March 11, 2026
37 agents before breakfast?
Create value for others and don’t worry about the returns
Calm down, help others, stop doomscrolling — half says zen, half screams robot takeover
TLDR: Author says ignore AI doom and focus on making useful things; layoffs are consolidation sold as “AI.” Comments split between fears of self-improving AI, roast sessions on big‑tech “complexity creators,” and warnings that the wrong community will exploit you—making it a hype‑vs‑humility showdown.

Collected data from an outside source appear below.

(* Let $(R,\mathfrak{m},k)$ be a Noetherian local ring with $\mathfrak{m}^2=0$, and let $M$ be a finitely generated $R$-module with no nonzero free direct summand. Then $\lim_{n\to\infty}\frac{\ell(M^{n\ast})}{\operatorname{type}(R)^n}=\beta_0(M)$.
   Context: $M^\ast=\operatorname{Hom}_R(M,R)$ and $M^{n\ast}$ denotes the $n$-fold iterated dual ($M^{0\ast}=M$). $\ell(-)$ is length, $\operatorname{type}(R)=\dim_k\operatorname{Hom}_R(k,R)$, and $\beta_0(M)=\dim_k(M\otimes_R k)$ is the minimal number of generators of $M$. *)

From HB Require Import structures.
From mathcomp Require Import all_boot all_order all_algebra.
From mathcomp Require Import boolp classical_sets.
Set Implicit Arguments. Unset Strict Implicit. Unset Printing Implicit Defensive.
Import GRing.Theory.
Local Open Scope ring_scope.
Local Open Scope classical_set_scope.

Section Dual.
Variables (R : comUnitRingType) (M : lmodType R).

Record dualT := Dual {
  dfun :> M -> R ;
  dlin : forall (a : R) (u v : M), dfun (a *: u + v) = a * dfun u + dfun v }.

HB.instance Definition _ := gen_eqMixin dualT.
HB.instance Definition _ := gen_choiceMixin dualT.

Lemma dual_ext (f g : dualT) : (forall x, f x = g x) -> f = g.
Proof.
case: f g => f fl [g gl] /= fg; have efg : f = g by apply: funext.
by subst g; rewrite (Prop_irrelevance fl gl).
Qed.

Program Definition dzero : dualT := @Dual (fun _ => 0) _.
Next Obligation. by rewrite mulr0 addr0. Qed.
Program Definition dadd (f g : dualT) : dualT := @Dual (fun x => f x + g x) _.
Next Obligation. by rewrite !dlin mulrDr addrACA. Qed.
Program Definition dopp (f : dualT) : dualT := @Dual (fun x => - f x) _.
Next Obligation. by rewrite dlin opprD mulrN. Qed.
Program Definition dscale (a : R) (f : dualT) : dualT := @Dual (fun x => a * f x) _.
Next Obligation. by rewrite dlin mulrDr mulrCA. Qed.

Lemma daddA : associative dadd.
Proof. by move=> f g h; apply: dual_ext => x /=; rewrite addrA. Qed.
Lemma daddC : commutative dadd.
Proof. by move=> f g; apply: dual_ext => x /=; rewrite addrC. Qed.
Lemma dadd0 : left_id dzero dadd.
Proof. by move=> f; apply: dual_ext => x /=; rewrite add0r. Qed.
Lemma daddN : left_inverse dzero dopp dadd.
Proof. by move=> f; apply: dual_ext => x /=; rewrite addNr. Qed.

HB.instance Definition _ := GRing.isZmodule.Build dualT daddA daddC dadd0 daddN.

Lemma dscaleA a b (f : dualT) : dscale a (dscale b f) = dscale (a * b) f.
Proof. by apply: dual_ext => x /=; rewrite mulrA. Qed.
Lemma dscale1 : left_id 1 dscale.
Proof. by move=> f; apply: dual_ext => x /=; rewrite mul1r. Qed.
Lemma dscaleDr : right_distributive dscale +%R.
Proof. by move=> a f g; apply: dual_ext => x /=; rewrite mulrDr. Qed.
Lemma dscaleDl (f : dualT) : {morph dscale^~ f : a b / a + b}.
Proof. by move=> a b; apply: dual_ext => x /=; rewrite mulrDl. Qed.

HB.instance Definition _ :=
  GRing.Zmodule_isLmodule.Build R dualT dscaleA dscale1 dscaleDr dscaleDl.

End Dual.

Definition dual (R : comUnitRingType) (M : lmodType R) : lmodType R := dualT M.

Fixpoint ndual (R : comUnitRingType) (n : nat) (M : lmodType R) : lmodType R :=
  match n with 0%N => M | n'.+1 => dual (ndual n' M) end.

Section Modules.
Variable R : comUnitRingType.

Definition submodule (M : lmodType R) (S : set M) : Prop :=
  S 0 /\ forall (a : R) (u v : M), S u -> S v -> S (a *: u + v).

Definition has_chain (M : lmodType R) (A : set M) (n : nat) : Prop :=
  exists c : nat -> set M,
    (forall i, (i <= n)%N -> submodule (c i) /\ c i `<=` A) /\
    (forall i, (i < n)%N -> c i `<` c i.+1).

Definition is_length (M : lmodType R) (A : set M) (l : nat) : Prop :=
  has_chain A l /\ forall n, has_chain A n -> (n <= l)%N.

(* length of (the submodule) A; junk value 0 if A has infinite length *)
Definition modlength (M : lmodType R) (A : set M) : nat :=
  xget 0%N [set l | is_length A l].

Definition length (M : lmodType R) : nat := modlength [set: M].

Definition generates (M : lmodType R) (n : nat) (v : 'I_n -> M) : Prop :=
  forall x : M, exists r : 'I_n -> R, x = \sum_(i < n) r i *: v i.

Definition fin_gen (M : lmodType R) : Prop :=
  exists n (v : 'I_n -> M), generates v.

Definition beta0 (M : lmodType R) : nat :=
  xget 0%N [set n | (exists v : 'I_n -> M, generates v) /\
                    forall m, (exists w : 'I_m -> M, generates w) -> (n <= m)%N].

Definition free_sub (M : lmodType R) (N : set M) : Prop :=
  submodule N /\
  exists n (b : 'I_n -> M), (forall i, N (b i)) /\
    forall x, N x -> exists! r : 'I_n -> R, x = \sum_(i < n) r i *: b i.

Definition has_nonzero_free_summand (M : lmodType R) : Prop :=
  exists N P : set M,
    submodule N /\ submodule P /\
    (forall x, exists! yz : M * M, [/\ N yz.1, P yz.2 & x = yz.1 + yz.2]) /\
    N `&` P = [set 0] /\
    free_sub N /\ N <> [set 0].

End Modules.

Section Rings.
Variable R : comUnitRingType.

Definition maxideal : set R := [set x | x \isn't a GRing.unit].

(* local: the non-units form an (the unique maximal) ideal *)
Definition local_ring : Prop :=
  forall x y : R, maxideal x -> maxideal y -> maxideal (x + y).

Definition noetherian_ring : Prop :=
  forall I : set R^o, submodule I ->
    exists n (v : 'I_n -> R),
      (forall i, I (v i)) /\
      forall x, I x -> exists r : 'I_n -> R, x = \sum_(i < n) r i * v i.

Definition maxideal_sq_zero : Prop :=
  forall x y : R, maxideal x -> maxideal y -> x * y = 0.

(* Hom_R(k, R), realised (universal property of k = R/m) as the
   R-linear maps R -> R vanishing on m *)
Definition hom_res_R : set (dual R^o) :=
  [set f | forall x : R, maxideal x -> f x = 0].

(* type(R) = dim_k Hom_R(k,R) = l_R(Hom_R(k,R)) (m kills Hom_R(k,R)) *)
Definition ring_type : nat := modlength hom_res_R.

End Rings.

The post screams: put down the panic megaphone and stop measuring your worth by how many “AI agents” you ran before breakfast. The community? Chaos. One camp nods like monks, saying this is just steady progress and we should make useful things for people. Another camp fires back that “going recursive” isn’t sci‑fi hype—it’s when AI improves itself without humans, and that moment feels close, argues beanshadow. Meanwhile, a wild card drops scripture, linking the Bhagavad Gita 2.47 like it’s a spiritual clapback: do the work, not for the clout.
Then the real spice hits: the author’s shot at “jobs that create complexity for others” lights up the thread. One commenter deadpans, “It describes most roles in big tech,” and the crowd reaches for popcorn. Others yell: careful where you “create value”—toxic communities will exploit you, warns sudo_cowsay. And the most relatable take? bob1029 admits playing the long game is “hard for an ordinary advanced ape” while watching shortcut artists rack up easy wins.
Memes fly: “37 agents before breakfast” gets dunked on, “breakfast like a pleb” becomes a catchphrase, and someone jokes the layoffs are a rent‑seeking Thanos snap dressed up as “AI.” The vibe: half stoic, half apocalyptic, all extremely online.
Key Points
- •The article claims social media is amplifying fear and urgency around adopting AI tools and productivity changes.
- •It frames AI as a continuation of existing technological progress, not a sudden transformative “recursive” leap.
- •The author portrays features like “autoresearch” as search and optimization, emphasizing known limits.
- •It argues recent layoffs reflect consolidation by larger firms and rent-seeking dynamics, with “AI” cited to support market narratives.
- •The piece advises focusing on non–zero-sum value creation and avoiding comparison-driven, hype-based behavior.